To install MIC:
git clone https://github.com/keiserlab/metric-ion-classification.git
cd metric-ion-classification
conda env create --name mic-env -f mic-env.yml
conda activate mic-env
pip install .
Installation may take some time, especially regarding conda dependency solving. We strongly recommend using an updated conda with conda-libmamba-solver, in which case installation should take a few minutes.
If you encounter issues intalling LUNA, see https://github.com/keiserlab/LUNA installation instructions.
The dependencies for MIC are listed in mic-env.yml, reproduced here:
- rdkit
- seaborn
- openbabel
- pip
- pymol-open-source
- xopen
- colorlog
- networkx
- scipy
- pytorch
- cpuonly
- numpy=1.21.6
- biopython==1.72
- mmh3==2.5.1
- pdbecif
- joblib
- tqdm
- scikit-learn
- simplejson
- MIC has been successfully installed and tested on Ubuntu 18.04, 20.04, and 22.04, Mac OS Monterey through Sonoma, and on a Windows machine running Ubuntu through WSL.
- MIC ChimeraX bundle requires Microsoft Visual C++ 14.0 or greater (see this link for instructions on how download the latest version)
To run:
mic_predict -o <outfile> -e <path/to/entry_file>[optional] </path/to/pdb_file>
Inputs
- pdb_file / pdb_dir : path to either 1) a single PDB file in the case of running one 1 file or 2) a directory containing multuple PDB files, used with --entries flag
Options:
- -e/--entries: Run individual examples from a single file or multiple PDB files. See below.
- -n/--num_processes: Number of concurrent processes to use for FP generation - default 8
- -o/--outfile: CSV created to store generated fingerprints or MIC predictions. If not provided, output is displayed in the terminal.
- -p/--preds_only: Only output predictions, not full probabilities from SVC.
- -ext/--extended_set: Generate predictions for the extended set of labels (K, Mn,Iod,Fe,Br)
- -het/--hetatm: Use MIC-HETATMC model
- -cpu/--cpu_only: Ignore available GPUs and generate all predictions on CPU.
- -co/--symexp_cutoff: Radius in angstroms around densities kept following symmetry expansion. If running a single PDB file, it is recommended to use 7 for X-ray crystallography or -1 for Cryo-EM structures. Only use other values if you are planning on training a new model - default 7
The following options are NOT recommended to change from their defaults, unless intending to train a new model. Do not change these if running predictions alone.
- -t/--fp_type: Type of fingerprint to generate and use, options are ['prune-eifp']
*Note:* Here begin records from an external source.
(* Let $0\le\alpha\le\beta$ be fixed. Let $(q_n)_{n\ge1}$ and $(p_n)_{n\ge1}$ be sequences with $q_n\in(0,1)$ and $p_n\in(q_n,1]$ for all $n$, such that $\lim_{n\to\infty}p_n=1$, $\lim_{n\to\infty}q_n=1$, $\lim_{n\to\infty}p_n^n=1$ and $\lim_{n\to\infty}q_n^n=1$. Then for every $f\in C[0,1]$, $S_{n,p_n,q_n}(f;x)$ converges to $f(x)$ uniformly on $[0,1]$ as $n\to\infty$, i.e. $\lim_{n\to\infty}\sup_{x\in[0,1]}|S_{n,p_n,q_n}(f;x)-f(x)|=0$.
   Context: For $p>0$, $q>0$ and integers $m\ge 0$, the $(p,q)$-integer is $[m]_{p,q}=p^{m-1}+p^{m-2}q+\cdots+pq^{m-2}+q^{m-1}$ (so $[m]_{p,q}=\frac{p^m-q^m}{p-q}$ when $p\ne q$, and $[0]_{p,q}=0$). The $(p,q)$-factorial is $[m]_{p,q}!=[1]_{p,q}[2]_{p,q}\cdots[m]_{p,q}$ with $[0]_{p,q}!=1$, and the $(p,q)$-binomial coefficient is $\left[\begin{smallmatrix} n\\ k\end{smallmatrix}\right]_{p,q}=\frac{[n]_{p,q}!}{[k]_{p,q}!\,[n-k]_{p,q}!}$ for $0\le k\le n$. For $f\in C[0,1]$, real parameters $0\le\alpha\le\beta$, and $x\in[0,1]$, the $(p,q)$-Bernstein–Stancu operator is $$S_{n,p,q}(f;x)=\frac{1}{p^{n(n-1)/2}}\sum_{k=0}^{n}\left[\begin{smallmatrix} n\\ k\end{smallmatrix}\right]_{p,q} p^{k(k-1)/2}\,x^{k}\prod_{s=0}^{n-k-1}(p^{s}-q^{s}x)\; f\!\left(\frac{p^{n-k}[k]_{p,q}+\alpha}{[n]_{p,q}+\beta}\right),$$ where an empty product (when $k=n$) equals $1$. *)

From Stdlib Require Import Reals Lra Lia.
Open Scope R_scope.

(* (p,q)-integer [m]_{p,q} = sum_{j=0}^{m-1} p^(m-1-j) q^j ; [0] = 0 *)
Fixpoint pq_int_aux (p q : R) (m j : nat) : R :=
  match j with
  | O => 0
  | S j' => pq_int_aux p q m j' + p ^ (m - 1 - j') * q ^ j'
  end.
Definition pq_int (p q : R) (m : nat) : R := pq_int_aux p q m m.

Fixpoint pq_fact (p q : R) (m : nat) : R :=
  match m with
  | O => 1
  | S m' => pq_fact p q m' * pq_int p q (S m')
  end.

Definition pq_binom (p q : R) (n k : nat) : R :=
  pq_fact p q n / (pq_fact p q k * pq_fact p q (n - k)).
- -l/--length: length of the fingerprint vector to be generated - default 4096
- -sn/--shell_number: number of shells to use during fingerprint generation - default 18
- -sr/--shell_radius: shell radius to use during fingerprint generation - default 0.25
- -ub/--unblinded: flag to not zero the invariants of spherical densities
- -b/--bit: whether to generate count fingerprints or bit fingerprints - default is count
Entries are used to generate predictions for specific densities within a single PDB file or across multiple PDB files in one MIC run. To run with entries, the first argument to mic_predict should be a path to the directory containing all pdb files, while the entries argument should be a csv in the format 'pdb_id,chain,name,res_number,skip_symexpansion (must be on for Cryo-EM structures)':
4OKE,A,MG,202,
3A09,A,CA,601,
4L9P,B,ZN,601,
7aue,R,CA,501,X
7f53,R,CA,601,X
7f55,R,CA,601,X
7f54,R,CA,601,X
7f58,R,CA,602,X
7piu,R,CA,401,X
7piv,R,CA,401,X
To confirm correct installation:
pip install pytest
python -m pytest
The tests may take a 5-10 minutes to run.
The ChimeraX MIC bundle is available from ChimeraX toolshed. All code can be found in this repository under the 'chimerax' branch.
If you use this software, please cite our preprint.